# UL710 - Kitchen Hoods



## Darren Emery (May 13, 2011)

Does anyone happen to have a copy of 710?  I'm looking for information regarding the proper location for cooking equipment under a listed hood - 507.12 does not apply if the hood is 710 certified.  We're having a bit of a disagreement with the manufacturer as to where to measure the required edge distances  for the equipment under the hood.


----------



## Darren Emery (May 13, 2011)

To add a bit of detail - section 507.12 pretty clearly states that you measure from the cooking surfaces to the "inside lower edge" of the hood.  I take that to be A in the attached drawing.  Others interpret this as the B location. I don't know if UL710 provides any guidance on this issue. Thoughts?

View attachment 438


View attachment 438


/monthly_2011_05/Picture1.jpg.144698e921459781e1f42b0f81322352.jpg


----------



## permitguy (May 13, 2011)

I can't imagine how anyone would interpret "B" to be the "inside lower edge".

I've never seen a copy of UL 710, but if all else fails, I wouldn't hesitate to give them a call:

http://www.ul.com/global/eng/pages/offerings/perspectives/regulator/support/


----------



## karmann33 (May 13, 2011)

Darren we can't teach common sense but, 507.12 says it all. The measurement is from the inside edge. The others that are interpreting B as the measuring point are trying not to have to replace the hood or equipment.


----------



## TJacobs (May 13, 2011)

A is a winner!


----------



## cda (May 13, 2011)

If listed hood you can also call the manufacture


----------



## Builder Bob (May 16, 2011)

Be sure to read the exception, after all this is about air flow to the hood. A three sided open hood is going to have less air velocity than the same hood that is enclosed on two sides. By the same token, the air velocity is less on a hood that is enclosed on two sides verus an enclosed three sided hood.
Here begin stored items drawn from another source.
Lemma pow_1_minus_ge x l : 0 <= x <= 1 -> 1 - INR l * x <= (1 - x) ^ l.
Proof.
  intros Hx. induction l as [|l IH]; [simpl; lra|].
  rewrite S_INR. simpl pow.
  assert (0 <= INR l) by apply pos_INR.
  assert (0 <= (1 - x) ^ l) by (apply pow_le; lra).
  nra.
Qed.

Lemma sum_f_R0_geometric_lower (h : nat -> R) K :
  (1 <= K)%nat -> 0 <= h 0%nat ->
  (forall l, (l < K - 1)%nat -> (1 - / INR K) * h l <= h (S l)) ->
  (INR K + 1) / 2 * h 0%nat <= sum_f_R0 h (K - 1).
Proof.
  intros HK Hh0 Hstep.
  assert (HKpos : 1 <= INR K) by (apply (le_INR 1); lia).
  assert (Hinv : 0 < / INR K <= 1).
  { split; [apply Rinv_0_lt_compat; lra|].
    rewrite <- Rinv_1. apply Rinv_le_contravar; lra. }
  set (th := 1 - / INR K).
  assert (Hpow : forall l, (l <= K - 1)%nat -> th ^ l * h 0%nat <= h l).
  { induction l as [|l IH]; intros Hl; [simpl; lra|].
    simpl pow. rewrite Rmult_assoc.
    apply Rle_trans with (th * h l); [|apply Hstep; lia].
    apply Rmult_le_compat_l; [unfold th; lra|]. apply IH; lia. }
  apply Rle_trans with (sum_f_R0 (fun l => (1 - INR l * / INR K) * h 0%nat) (K - 1)).
  - rewrite (sum_eq _ (fun l => INR l * (- (h 0%nat / INR K)) + h 0%nat))
      by (intros; unfold Rdiv; ring).
    rewrite sum_plus, <- scal_sum, sum_f_R0_INR, sum_cte.
    replace (S (K - 1)) with K by lia. rewrite minus_INR by lia. simpl INR.
    right. field. lra.
  - apply sum_Rle. intros l Hl.
    apply Rle_trans with (th ^ l * h 0%nat); [|apply Hpow; lia].
    apply Rmult_le_compat_r; [lra|]. apply pow_1_minus_ge. lra.
Qed.

Lemma nat_ceil x : 0 <= x -> exists K : nat, x <= INR K <= x + 1.
Proof.
  intros Hx. destruct (archimed x) as [H1 H2].
  assert (Hz : (0 <= up x)%Z) by (apply le_IZR; simpl; lra).
  exists (Z.to_nat (up x)). rewrite INR_IZR_INZ, Z2Nat.id by auto. lra.
Qed.

(** * The binomial distribution *)

Lemma C_nonneg n k : 0 <= C n k.
Proof.
  unfold C. apply Rle_mult_inv_pos; [apply pos_INR|].
  apply Rmult_lt_0_compat; apply INR_fact_lt_0.
Qed.

Lemma C_n_0 n : C n 0 = 1.
Proof. unfold C. rewrite Nat.sub_0_r. simpl. field. apply INR_fact_neq_0. Qed.

Lemma C_n_n n : C n n = 1.
Proof. unfold C. rewrite Nat.sub_diag. simpl. field. apply INR_fact_neq_0. Qed.

Lemma binom_pmf_nonneg n a k : 0 <= a <= 1 -> 0 <= binom_pmf n a k.
Proof.
  intros Ha. unfold binom_pmf.
  apply Rmult_le_pos; [apply Rmult_le_pos|]; [apply C_nonneg|apply pow_le; lra..].
Qed.

Lemma binom_pmf_mgf N a z :
  sum_f_R0 (fun k => binom_pmf N a k * z ^ k) N = (1 - a + a * z) ^ N.
Proof.
  replace (1 - a + a * z) with (a * z + (1 - a)) by ring.
  rewrite binomial. apply sum_eq. intros i _. unfold binom_pmf.
  rewrite Rpow_mult_distr. ring.
Qed.

Lemma binom_pmf_sum N a : sum_f_R0 (binom_pmf N a) N = 1.
Proof.
  pose proof (binom_pmf_mgf N a 1) as Hmgf.
  replace (1 - a + a * 1) with 1 in Hmgf by ring. rewrite pow1 in Hmgf.
  rewrite <- Hmgf. apply sum_eq. intros. rewrite pow1. ring.
Qed.

Lemma binom_pmf_le_1 N a k : 0 <= a <= 1 -> (k <= N)%nat -> binom_pmf N a k <= 1.
Proof.
  intros Ha Hk. rewrite <- (binom_pmf_sum N a).
  apply sum_f_R0_term_le; auto. intros; apply binom_pmf_nonneg; auto.
Qed.

Lemma binom_pmf_expect_affine N a (v : nat -> R) c d :
  sum_f_R0 (fun k => binom_pmf N a k * (c * v k + d)) N
  = c * sum_f_R0 (fun k => binom_pmf N a k * v k) N + d.
Proof.
  rewrite (sum_eq _ (fun k => binom_pmf N a k * v k * c + binom_pmf N a k * d))
    by (intros; ring).
  rewrite sum_plus, <- !scal_sum, binom_pmf_sum. ring.
Qed.

Lemma binom_pmf_succ N a k : a < 1 -> (k < N)%nat ->
  binom_pmf N a (S k) = binom_pmf N a k * (INR (N - k) * a / (INR (S k) * (1 - a))).
Proof.
  intros Ha Hk. unfold binom_pmf. rewrite pascal_step3 by lia.
  replace (N - k)%nat with (S (N - S k)) at 2 by lia.
  simpl pow. field. split; [lra|]. apply not_0_INR; lia.
Qed.

Lemma binom_pmf_succ_ge N a k th : 0 <= a < 1 -> (k < N)%nat ->
  th * INR (S k) * (1 - a) <= INR (N - k) * a ->
  th * binom_pmf N a k <= binom_pmf N a (S k).
Proof.
  intros Ha Hk Hth. rewrite binom_pmf_succ by (lra || lia).
  rewrite (Rmult_comm th). apply Rmult_le_compat_l; [apply binom_pmf_nonneg; lra|].
  assert (0 < INR (S k)) by (apply lt_0_INR; lia).
  apply Rmult_le_reg_r with (INR (S k) * (1 - a)); [nra|].
  unfold Rdiv. rewrite Rmult_assoc, Rinv_l by nra. lra.
Qed.

Lemma binom_pmf_pred_ge N a k th : 0 <= a < 1 -> (k < N)%nat ->
  th * INR (N - k) * a <= INR (S k) * (1 - a) ->
  th * binom_pmf N a (S k) <= binom_pmf N a k.
Proof.
  intros Ha Hk Hth. rewrite binom_pmf_succ by (lra || lia).
  assert (0 <= binom_pmf N a k) by (apply binom_pmf_nonneg; lra).
  assert (0 < INR (S k)) by (apply lt_0_INR; lia).
  replace (th * (binom_pmf N a k * (INR (N - k) * a / (INR (S k) * (1 - a)))))
    with (binom_pmf N a k * (th * INR (N - k) * a / (INR (S k) * (1 - a))))
    by (field; split; lra).
  rewrite <- (Rmult_1_r (binom_pmf N a k)) at 2.
  apply Rmult_le_compat_l; auto.
  apply Rmult_le_reg_r with (INR (S k) * (1 - a)); [nra|].
  unfold Rdiv. rewrite Rmult_assoc, Rinv_l by nra. lra.
Qed.

Lemma binom_pmf_succ_trials_0 M a : binom_pmf (S M) a 0 = (1 - a) * binom_pmf M a 0.
Proof. unfold binom_pmf. rewrite !C_n_0, !Nat.sub_0_r. simpl pow. ring. Qed.

Lemma binom_pmf_succ_trials M a i : (i <= M)%nat ->
  binom_pmf (S M) a (S i) = a * binom_pmf M a i
     + (1 - a) * (if Nat.leb (S i) M then binom_pmf M a (S i) else 0).
Proof.
  intros Hi. unfold binom_pmf. destruct (Nat.leb_spec (S i) M).
  - rewrite <- pascal by lia.
    replace (S M - S i)%nat with (S (M - S i)) by lia.
    replace (M - i)%nat with (S (M - S i)) by lia. simpl pow. ring.
  - replace i with M by lia. rewrite !C_n_n, !Nat.sub_diag. simpl. ring.
Qed.

(* [binom_cdf M a j = Pr(X <= j)] and [binom_tail N b i = Pr(Y >= i)].  The [min] and the
   guard matter: for [k > n], [binom_pmf n a k] is junk rather than [0], as is [C n k]. *)
Definition binom_cdf (M : nat) (a : R) (j : nat) : R :=
  sum_f_R0 (binom_pmf M a) (Nat.min M j).

Definition binom_tail (N : nat) (b : R) (i : nat) : R :=
  sum_f_R0 (fun k => if Nat.leb i k then binom_pmf N b k else 0) N.

Lemma binom_cdf_nonneg M a j : 0 <= a <= 1 -> 0 <= binom_cdf M a j.
Proof. intros. apply sum_f_R0_nonneg. intros; apply binom_pmf_nonneg; auto. Qed.

Lemma binom_cdf_eq_sum M a j : (j <= M)%nat -> binom_cdf M a j = sum_f_R0 (binom_pmf M a) j.
Proof. intros. unfold binom_cdf. f_equal. lia. Qed.

Lemma binom_cdf_full M a : binom_cdf M a M = 1.
Proof. unfold binom_cdf. rewrite Nat.min_id. apply binom_pmf_sum. Qed.

Lemma binom_pmf_le_cdf M a j : 0 <= a <= 1 -> (j <= M)%nat ->
  binom_pmf M a j <= binom_cdf M a j.
Proof.
  intros. rewrite binom_cdf_eq_sum by lia.
  apply sum_f_R0_term_le; [intros; apply binom_pmf_nonneg|]; auto.
Qed.

Lemma binom_cdf_succ M a j : binom_cdf M a (S j)
  = binom_cdf M a j + (if Nat.leb (S j) M then binom_pmf M a (S j) else 0).
Proof.
  unfold binom_cdf. destruct (Nat.leb_spec (S j) M).
  - replace (Nat.min M (S j)) with (S j) by lia.
    replace (Nat.min M j) with j by lia. reflexivity.
  - replace (Nat.min M (S j)) with M by lia.
    replace (Nat.min M j) with M by lia. ring.
Qed.

Lemma binom_cdf_succ_trials M a j :
  binom_cdf (S M) a j = binom_cdf M a j - a * (if Nat.leb j M then binom_pmf M a j else 0).
Proof.
  induction j as [|j IH].
  - unfold binom_cdf. rewrite !Nat.min_0_r. simpl. rewrite binom_pmf_succ_trials_0. ring.
  - rewrite !binom_cdf_succ, IH.
    destruct (Nat.leb_spec j M) as [Hj|Hj].
    + replace (Nat.leb (S j) (S M)) with true by (symmetry; apply Nat.leb_le; lia).
      rewrite binom_pmf_succ_trials by lia.
      destruct (Nat.leb (S j) M); ring.
    + replace (Nat.leb (S j) (S M)) with false by (symmetry; apply Nat.leb_gt; lia).
      replace (Nat.leb (S j) M) with false by (symmetry; apply Nat.leb_gt; lia). ring.
Qed.

Lemma binom_tail_nonneg N b i : 0 <= b <= 1 -> 0 <= binom_tail N b i.
Proof.
  intros. apply sum_f_R0_nonneg. intros k _.
  destruct (Nat.leb i k); [apply binom_pmf_nonneg; auto|lra].
Qed.

Lemma binom_tail_0 N b : binom_tail N b 0 = 1.
Proof. rewrite <- (binom_pmf_sum N b). reflexivity. Qed.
The cfm of all three hoods can be the same........but how fast the sir is drawn is dependent upon how much oipen space you have to feed the fan.....


----------



## Darren Emery (May 16, 2011)

cda said:
			
		

> If listed hood you can also call the manufacture


I did - and therein lies the challenge.  The manufacturer claims the 6" buffer should be measured from the outside curtain (B) rather than the inside lip.  Claims that this is part of the listing of their hood, but has not/can not provide additional documentation to verify this.


----------



## cda (May 16, 2011)

Well I also thought the six inch rule did not apply to listed hoods????


----------



## Darren Emery (May 16, 2011)

cda said:
			
		

> Well I also thought the six inch rule did not apply to listed hoods????


True - that section of the code does not apply - however - I'm pretty certain that UL710 contains some language regarding placement of equipment under the hood.  That's why I'm looking for someone with a copy


----------



## cda (May 16, 2011)

does this help any???

nfpa 96 2011

6.2.1.3    For cooking equipment without exposed flame and where flue gases bypass grease removal devices, the minimum vertical distance shall be permitted to be reduced to not less than 152 mm (6 in.).

6.2.1.4    Where a grease removal device is listed for separation distances less than those required in 6.2.1.1 and 6.2.1.2, the listing requirements shall be permitted.

6.2.1.5    Grease removal devices supplied as part of listed hood assemblies shall be installed in accordance with the terms of the listing and the manufacturer’s instructions.


----------



## Darren Emery (May 16, 2011)

Unfortunately, that just confirms that I need the "terms of the listing" - the manufacturer has been unwilling to provide.


----------



## cda (May 16, 2011)

looking at the commentary

it looks like they measure to the outside edge

but it also look like it depends of the shape of the hood, and in some instances looks like it might be the inside edge


----------



## cda (May 16, 2011)

I know captive air hoods tell you the six inch rule does not apply


----------



## skipharper (Jun 23, 2011)

Ul 710

Information should be on the label.


----------



## cda (Jun 23, 2011)

Or should be some installation instructions with the hood


----------



## fireguy (Jun 24, 2011)

The printing on the labels is removed by common cleaning chemicals.

Installaltion instructions, http://www.captiveaire.com/Manuals/manuals.asp?Item_id=843&parentid=841  Scroll down to "O& M Manuals"

Greenheck and other mfg have similar information.  This is a listed hood?


----------



## Darren Emery (Jun 24, 2011)

Listed yes.  Readily available installation material.  No.


----------



## fireguy (Jun 24, 2011)

Who is the mfg?


----------